**Assignment:**
Look for "ffunE" in each line of the entries, and return the matching lines.

**Task input:**
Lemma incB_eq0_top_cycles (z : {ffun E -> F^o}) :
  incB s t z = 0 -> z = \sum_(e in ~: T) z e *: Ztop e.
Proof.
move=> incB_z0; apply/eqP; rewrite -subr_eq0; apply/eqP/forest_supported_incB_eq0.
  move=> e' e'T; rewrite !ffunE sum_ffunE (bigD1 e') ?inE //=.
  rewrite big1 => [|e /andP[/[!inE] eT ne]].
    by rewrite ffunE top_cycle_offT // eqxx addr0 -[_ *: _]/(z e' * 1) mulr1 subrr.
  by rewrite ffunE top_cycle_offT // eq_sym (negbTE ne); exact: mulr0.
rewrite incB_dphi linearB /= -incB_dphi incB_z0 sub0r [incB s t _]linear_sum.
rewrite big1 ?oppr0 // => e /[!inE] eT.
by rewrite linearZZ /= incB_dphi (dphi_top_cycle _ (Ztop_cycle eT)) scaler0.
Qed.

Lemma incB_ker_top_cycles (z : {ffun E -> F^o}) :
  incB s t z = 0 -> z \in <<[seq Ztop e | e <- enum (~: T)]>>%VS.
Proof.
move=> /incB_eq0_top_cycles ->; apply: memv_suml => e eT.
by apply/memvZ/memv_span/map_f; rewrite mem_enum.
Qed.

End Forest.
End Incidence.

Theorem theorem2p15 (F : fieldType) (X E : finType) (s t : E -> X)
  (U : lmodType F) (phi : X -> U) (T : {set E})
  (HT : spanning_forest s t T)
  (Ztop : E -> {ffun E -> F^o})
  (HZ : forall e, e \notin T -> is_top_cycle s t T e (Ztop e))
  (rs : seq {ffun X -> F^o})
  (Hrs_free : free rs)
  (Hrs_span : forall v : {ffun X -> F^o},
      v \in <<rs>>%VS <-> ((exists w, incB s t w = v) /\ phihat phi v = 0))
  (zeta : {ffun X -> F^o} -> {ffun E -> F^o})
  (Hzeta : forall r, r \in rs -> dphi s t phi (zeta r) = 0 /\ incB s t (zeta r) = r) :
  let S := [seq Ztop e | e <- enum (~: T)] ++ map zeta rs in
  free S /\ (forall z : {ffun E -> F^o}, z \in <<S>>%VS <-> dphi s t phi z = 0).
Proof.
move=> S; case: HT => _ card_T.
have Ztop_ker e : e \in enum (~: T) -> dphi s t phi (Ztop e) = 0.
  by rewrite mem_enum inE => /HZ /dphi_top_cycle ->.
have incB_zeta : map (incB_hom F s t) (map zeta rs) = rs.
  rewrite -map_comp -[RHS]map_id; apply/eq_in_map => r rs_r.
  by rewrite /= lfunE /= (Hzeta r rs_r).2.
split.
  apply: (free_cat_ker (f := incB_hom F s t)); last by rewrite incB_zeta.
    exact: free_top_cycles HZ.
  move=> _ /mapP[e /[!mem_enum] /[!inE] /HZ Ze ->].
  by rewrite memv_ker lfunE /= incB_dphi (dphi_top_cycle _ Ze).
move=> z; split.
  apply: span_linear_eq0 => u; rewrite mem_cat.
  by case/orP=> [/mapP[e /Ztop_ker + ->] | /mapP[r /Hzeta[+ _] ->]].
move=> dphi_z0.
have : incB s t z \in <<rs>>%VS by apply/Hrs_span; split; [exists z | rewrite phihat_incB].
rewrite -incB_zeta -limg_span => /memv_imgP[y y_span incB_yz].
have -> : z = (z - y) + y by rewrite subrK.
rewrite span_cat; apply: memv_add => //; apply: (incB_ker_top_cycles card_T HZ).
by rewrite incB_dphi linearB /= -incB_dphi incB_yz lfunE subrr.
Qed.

==

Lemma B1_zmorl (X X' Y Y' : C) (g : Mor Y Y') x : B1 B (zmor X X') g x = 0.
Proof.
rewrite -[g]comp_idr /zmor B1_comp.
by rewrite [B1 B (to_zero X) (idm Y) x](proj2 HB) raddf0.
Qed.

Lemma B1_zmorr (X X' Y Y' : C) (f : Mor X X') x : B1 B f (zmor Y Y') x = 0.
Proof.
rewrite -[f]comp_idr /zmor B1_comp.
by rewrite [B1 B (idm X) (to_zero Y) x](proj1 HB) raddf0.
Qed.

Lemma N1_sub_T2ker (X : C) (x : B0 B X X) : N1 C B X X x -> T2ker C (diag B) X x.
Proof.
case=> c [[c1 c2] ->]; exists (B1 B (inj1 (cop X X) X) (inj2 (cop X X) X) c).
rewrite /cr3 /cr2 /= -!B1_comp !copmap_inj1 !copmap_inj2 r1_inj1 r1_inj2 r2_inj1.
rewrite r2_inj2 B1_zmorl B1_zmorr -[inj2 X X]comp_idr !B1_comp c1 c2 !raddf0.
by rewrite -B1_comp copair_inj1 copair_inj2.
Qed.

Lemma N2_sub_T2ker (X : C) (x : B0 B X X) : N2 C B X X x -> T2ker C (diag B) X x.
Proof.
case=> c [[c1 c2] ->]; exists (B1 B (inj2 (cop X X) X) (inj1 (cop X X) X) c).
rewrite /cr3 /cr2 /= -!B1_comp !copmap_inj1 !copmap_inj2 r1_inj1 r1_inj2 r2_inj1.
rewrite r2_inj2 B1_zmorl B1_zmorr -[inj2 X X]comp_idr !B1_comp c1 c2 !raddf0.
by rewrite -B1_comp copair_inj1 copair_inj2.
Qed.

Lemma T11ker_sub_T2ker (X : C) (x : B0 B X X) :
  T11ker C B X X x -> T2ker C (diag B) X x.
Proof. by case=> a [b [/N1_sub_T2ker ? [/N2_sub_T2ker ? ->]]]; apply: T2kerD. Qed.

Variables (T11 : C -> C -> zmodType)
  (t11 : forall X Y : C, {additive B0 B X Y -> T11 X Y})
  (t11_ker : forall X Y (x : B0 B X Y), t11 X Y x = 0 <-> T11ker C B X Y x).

**Response to the task:**
  move=> e' e'T; rewrite !ffunE sum_ffunE (bigD1 e') ?inE //=.
    by rewrite ffunE top_cycle_offT // eqxx addr0 -[_ *: _]/(z e' * 1) mulr1 subrr.
  by rewrite ffunE top_cycle_offT // eq_sym (negbTE ne); exact: mulr0.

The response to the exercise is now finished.